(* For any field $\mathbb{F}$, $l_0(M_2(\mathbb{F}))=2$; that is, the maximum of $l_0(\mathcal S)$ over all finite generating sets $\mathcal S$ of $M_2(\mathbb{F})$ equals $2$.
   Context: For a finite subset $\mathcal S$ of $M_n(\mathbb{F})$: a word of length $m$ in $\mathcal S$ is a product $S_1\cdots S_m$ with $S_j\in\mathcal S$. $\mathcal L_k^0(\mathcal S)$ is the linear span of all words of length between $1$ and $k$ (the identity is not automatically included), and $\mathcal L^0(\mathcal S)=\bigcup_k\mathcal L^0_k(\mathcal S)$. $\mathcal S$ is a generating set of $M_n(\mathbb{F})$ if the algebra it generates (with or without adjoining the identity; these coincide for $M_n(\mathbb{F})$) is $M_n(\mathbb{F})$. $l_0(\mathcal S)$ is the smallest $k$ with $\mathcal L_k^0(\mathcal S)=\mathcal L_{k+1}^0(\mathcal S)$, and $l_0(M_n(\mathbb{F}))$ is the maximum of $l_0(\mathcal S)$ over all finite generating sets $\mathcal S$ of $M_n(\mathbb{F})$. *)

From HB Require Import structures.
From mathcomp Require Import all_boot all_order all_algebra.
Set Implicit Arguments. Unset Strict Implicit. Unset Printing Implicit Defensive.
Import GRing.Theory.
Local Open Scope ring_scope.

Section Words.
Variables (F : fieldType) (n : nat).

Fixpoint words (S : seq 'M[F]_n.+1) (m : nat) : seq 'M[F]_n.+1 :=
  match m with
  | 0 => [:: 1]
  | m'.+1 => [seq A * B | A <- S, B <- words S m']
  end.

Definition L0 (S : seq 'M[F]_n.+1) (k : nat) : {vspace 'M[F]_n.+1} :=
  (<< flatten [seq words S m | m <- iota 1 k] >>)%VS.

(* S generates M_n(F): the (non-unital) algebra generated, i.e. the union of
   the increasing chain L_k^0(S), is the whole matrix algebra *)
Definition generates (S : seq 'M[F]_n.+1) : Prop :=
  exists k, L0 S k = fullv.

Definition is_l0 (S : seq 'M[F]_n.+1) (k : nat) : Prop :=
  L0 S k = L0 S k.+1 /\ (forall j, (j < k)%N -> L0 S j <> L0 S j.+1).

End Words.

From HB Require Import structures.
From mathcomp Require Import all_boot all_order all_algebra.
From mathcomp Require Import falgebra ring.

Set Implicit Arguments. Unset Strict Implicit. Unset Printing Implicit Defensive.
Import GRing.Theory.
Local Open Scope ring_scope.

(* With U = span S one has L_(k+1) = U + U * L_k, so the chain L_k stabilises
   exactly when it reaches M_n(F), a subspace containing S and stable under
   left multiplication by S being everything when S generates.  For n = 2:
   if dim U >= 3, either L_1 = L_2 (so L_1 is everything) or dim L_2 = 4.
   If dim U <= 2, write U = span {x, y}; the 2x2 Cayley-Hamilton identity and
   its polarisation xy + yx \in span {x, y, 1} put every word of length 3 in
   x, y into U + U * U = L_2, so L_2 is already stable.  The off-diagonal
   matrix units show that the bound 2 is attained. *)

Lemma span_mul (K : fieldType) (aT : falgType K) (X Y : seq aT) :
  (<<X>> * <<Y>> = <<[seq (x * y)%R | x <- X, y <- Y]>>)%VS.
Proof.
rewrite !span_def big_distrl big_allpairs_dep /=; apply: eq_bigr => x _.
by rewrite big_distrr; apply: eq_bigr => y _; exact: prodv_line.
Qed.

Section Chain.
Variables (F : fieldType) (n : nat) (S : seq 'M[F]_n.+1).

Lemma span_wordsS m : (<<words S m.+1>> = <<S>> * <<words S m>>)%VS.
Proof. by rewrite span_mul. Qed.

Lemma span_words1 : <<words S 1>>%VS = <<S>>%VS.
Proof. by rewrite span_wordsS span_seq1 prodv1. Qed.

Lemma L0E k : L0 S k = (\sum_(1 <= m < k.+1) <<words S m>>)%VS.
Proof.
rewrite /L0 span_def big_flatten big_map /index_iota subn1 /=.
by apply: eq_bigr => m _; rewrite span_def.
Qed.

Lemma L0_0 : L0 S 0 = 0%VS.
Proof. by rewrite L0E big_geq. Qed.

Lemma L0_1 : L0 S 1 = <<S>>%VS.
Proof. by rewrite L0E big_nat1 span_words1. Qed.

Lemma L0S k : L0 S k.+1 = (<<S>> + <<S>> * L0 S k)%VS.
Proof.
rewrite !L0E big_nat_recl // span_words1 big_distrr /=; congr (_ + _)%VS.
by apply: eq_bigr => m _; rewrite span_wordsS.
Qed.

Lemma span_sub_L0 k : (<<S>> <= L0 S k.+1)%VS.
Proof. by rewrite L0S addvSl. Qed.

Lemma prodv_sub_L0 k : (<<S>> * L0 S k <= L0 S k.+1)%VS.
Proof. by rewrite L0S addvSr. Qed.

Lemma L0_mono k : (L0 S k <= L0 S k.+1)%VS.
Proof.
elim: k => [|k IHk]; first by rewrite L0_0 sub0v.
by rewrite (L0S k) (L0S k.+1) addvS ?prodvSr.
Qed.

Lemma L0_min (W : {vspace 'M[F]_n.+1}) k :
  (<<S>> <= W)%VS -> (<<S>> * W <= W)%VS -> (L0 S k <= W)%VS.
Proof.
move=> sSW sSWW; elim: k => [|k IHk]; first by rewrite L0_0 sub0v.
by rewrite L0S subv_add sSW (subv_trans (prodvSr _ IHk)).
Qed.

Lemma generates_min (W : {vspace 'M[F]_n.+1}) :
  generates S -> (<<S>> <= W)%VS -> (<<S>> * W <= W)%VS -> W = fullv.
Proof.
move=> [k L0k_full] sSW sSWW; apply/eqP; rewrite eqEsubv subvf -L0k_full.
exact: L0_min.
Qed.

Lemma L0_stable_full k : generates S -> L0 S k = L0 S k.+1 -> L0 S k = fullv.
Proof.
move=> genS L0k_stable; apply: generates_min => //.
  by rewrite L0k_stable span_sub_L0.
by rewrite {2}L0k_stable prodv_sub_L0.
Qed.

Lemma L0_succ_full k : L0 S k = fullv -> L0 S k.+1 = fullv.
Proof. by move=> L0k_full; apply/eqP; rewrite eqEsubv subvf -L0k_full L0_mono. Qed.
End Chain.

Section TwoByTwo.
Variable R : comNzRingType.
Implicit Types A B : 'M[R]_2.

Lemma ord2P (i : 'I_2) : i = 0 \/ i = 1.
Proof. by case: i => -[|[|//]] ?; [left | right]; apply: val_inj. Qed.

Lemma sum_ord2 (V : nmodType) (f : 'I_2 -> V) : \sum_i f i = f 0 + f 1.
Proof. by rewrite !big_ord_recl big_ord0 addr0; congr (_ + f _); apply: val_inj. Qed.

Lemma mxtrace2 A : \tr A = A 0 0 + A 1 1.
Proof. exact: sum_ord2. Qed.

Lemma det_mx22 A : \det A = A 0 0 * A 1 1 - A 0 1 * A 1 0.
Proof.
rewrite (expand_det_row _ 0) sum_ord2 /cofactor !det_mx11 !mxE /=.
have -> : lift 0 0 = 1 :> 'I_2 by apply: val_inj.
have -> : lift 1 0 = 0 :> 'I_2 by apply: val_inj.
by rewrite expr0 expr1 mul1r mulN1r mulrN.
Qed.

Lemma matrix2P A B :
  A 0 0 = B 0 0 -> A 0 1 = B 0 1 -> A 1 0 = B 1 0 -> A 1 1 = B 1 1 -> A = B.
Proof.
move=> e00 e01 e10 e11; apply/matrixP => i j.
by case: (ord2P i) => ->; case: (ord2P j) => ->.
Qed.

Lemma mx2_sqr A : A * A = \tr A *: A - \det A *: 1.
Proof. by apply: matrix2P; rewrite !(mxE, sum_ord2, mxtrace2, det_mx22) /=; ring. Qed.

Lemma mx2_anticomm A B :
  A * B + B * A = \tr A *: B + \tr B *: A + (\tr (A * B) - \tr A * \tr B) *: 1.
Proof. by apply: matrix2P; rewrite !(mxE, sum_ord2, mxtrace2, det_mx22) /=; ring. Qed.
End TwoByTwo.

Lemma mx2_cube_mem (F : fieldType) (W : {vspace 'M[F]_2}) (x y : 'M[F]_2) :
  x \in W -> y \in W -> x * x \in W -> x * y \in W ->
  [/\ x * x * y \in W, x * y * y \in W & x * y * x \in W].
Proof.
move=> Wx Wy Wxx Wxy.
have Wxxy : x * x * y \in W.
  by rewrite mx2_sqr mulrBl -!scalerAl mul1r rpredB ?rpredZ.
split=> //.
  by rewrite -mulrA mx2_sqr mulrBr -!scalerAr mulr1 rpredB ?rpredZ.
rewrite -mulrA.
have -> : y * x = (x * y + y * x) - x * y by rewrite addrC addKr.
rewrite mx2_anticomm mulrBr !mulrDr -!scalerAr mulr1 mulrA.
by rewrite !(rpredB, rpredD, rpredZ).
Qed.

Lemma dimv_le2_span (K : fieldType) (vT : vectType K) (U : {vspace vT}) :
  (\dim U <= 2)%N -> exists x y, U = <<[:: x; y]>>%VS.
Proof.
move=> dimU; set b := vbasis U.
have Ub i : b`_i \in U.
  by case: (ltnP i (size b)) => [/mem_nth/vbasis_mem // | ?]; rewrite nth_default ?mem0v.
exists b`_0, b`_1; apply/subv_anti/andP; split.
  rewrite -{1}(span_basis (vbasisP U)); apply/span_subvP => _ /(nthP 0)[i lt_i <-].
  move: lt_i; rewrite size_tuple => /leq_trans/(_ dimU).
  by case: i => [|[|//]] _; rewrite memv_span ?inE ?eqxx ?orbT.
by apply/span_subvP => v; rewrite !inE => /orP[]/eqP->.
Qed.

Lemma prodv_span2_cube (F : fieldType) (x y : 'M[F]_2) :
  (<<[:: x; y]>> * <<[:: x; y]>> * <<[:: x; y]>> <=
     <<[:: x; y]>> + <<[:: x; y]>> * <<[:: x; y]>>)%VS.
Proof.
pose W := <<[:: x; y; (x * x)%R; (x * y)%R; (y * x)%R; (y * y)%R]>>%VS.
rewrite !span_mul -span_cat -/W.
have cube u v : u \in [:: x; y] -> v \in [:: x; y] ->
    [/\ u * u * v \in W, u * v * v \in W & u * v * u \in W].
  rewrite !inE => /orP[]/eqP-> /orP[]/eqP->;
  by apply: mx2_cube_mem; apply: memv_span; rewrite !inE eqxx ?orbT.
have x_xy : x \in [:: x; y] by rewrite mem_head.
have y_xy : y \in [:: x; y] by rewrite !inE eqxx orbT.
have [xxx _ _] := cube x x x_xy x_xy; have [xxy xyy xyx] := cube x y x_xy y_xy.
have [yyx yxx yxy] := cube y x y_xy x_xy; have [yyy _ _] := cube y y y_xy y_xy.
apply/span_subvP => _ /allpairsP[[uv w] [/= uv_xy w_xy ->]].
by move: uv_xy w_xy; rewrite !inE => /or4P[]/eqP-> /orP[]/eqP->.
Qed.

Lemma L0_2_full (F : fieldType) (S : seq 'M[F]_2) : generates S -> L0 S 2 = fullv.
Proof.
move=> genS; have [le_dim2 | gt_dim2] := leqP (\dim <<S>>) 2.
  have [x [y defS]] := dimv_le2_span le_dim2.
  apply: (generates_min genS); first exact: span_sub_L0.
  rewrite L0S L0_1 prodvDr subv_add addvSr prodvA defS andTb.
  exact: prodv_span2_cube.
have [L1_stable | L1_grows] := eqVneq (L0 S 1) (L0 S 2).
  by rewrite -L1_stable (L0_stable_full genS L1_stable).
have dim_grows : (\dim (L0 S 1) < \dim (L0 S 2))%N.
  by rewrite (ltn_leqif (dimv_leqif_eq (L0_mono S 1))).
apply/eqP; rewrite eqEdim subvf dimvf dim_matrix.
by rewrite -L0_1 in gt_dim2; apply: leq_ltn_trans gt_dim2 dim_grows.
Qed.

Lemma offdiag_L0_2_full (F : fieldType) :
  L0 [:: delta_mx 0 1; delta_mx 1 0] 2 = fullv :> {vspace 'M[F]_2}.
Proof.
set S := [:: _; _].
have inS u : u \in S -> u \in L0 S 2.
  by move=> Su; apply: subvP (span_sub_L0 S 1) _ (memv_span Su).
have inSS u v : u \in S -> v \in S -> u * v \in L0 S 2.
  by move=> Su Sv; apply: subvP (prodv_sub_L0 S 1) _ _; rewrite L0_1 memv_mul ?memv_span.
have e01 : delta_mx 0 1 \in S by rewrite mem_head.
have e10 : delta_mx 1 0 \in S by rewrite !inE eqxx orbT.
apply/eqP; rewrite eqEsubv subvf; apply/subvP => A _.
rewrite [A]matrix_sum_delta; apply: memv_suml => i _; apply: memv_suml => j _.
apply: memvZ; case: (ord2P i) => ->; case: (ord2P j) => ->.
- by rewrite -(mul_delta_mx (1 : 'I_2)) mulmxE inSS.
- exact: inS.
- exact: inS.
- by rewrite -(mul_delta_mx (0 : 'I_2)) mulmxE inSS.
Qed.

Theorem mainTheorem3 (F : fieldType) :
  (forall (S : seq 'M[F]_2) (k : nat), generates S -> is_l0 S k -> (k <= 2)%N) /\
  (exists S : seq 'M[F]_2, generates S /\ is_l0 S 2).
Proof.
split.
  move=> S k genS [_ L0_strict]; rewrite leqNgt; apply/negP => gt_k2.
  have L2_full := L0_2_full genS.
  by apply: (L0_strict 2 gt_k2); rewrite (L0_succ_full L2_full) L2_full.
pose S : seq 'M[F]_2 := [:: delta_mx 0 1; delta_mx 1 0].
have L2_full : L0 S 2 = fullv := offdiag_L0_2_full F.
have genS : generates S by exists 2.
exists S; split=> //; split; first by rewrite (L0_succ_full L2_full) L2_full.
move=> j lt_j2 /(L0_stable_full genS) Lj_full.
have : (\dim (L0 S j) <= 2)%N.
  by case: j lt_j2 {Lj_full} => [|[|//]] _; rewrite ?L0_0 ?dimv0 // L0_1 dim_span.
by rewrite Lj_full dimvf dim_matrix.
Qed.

-*-

◆ What is needed ◆
Return the total of lines in these records that hold "dimU", without any other words.

◆ Answer to the problem ◆
2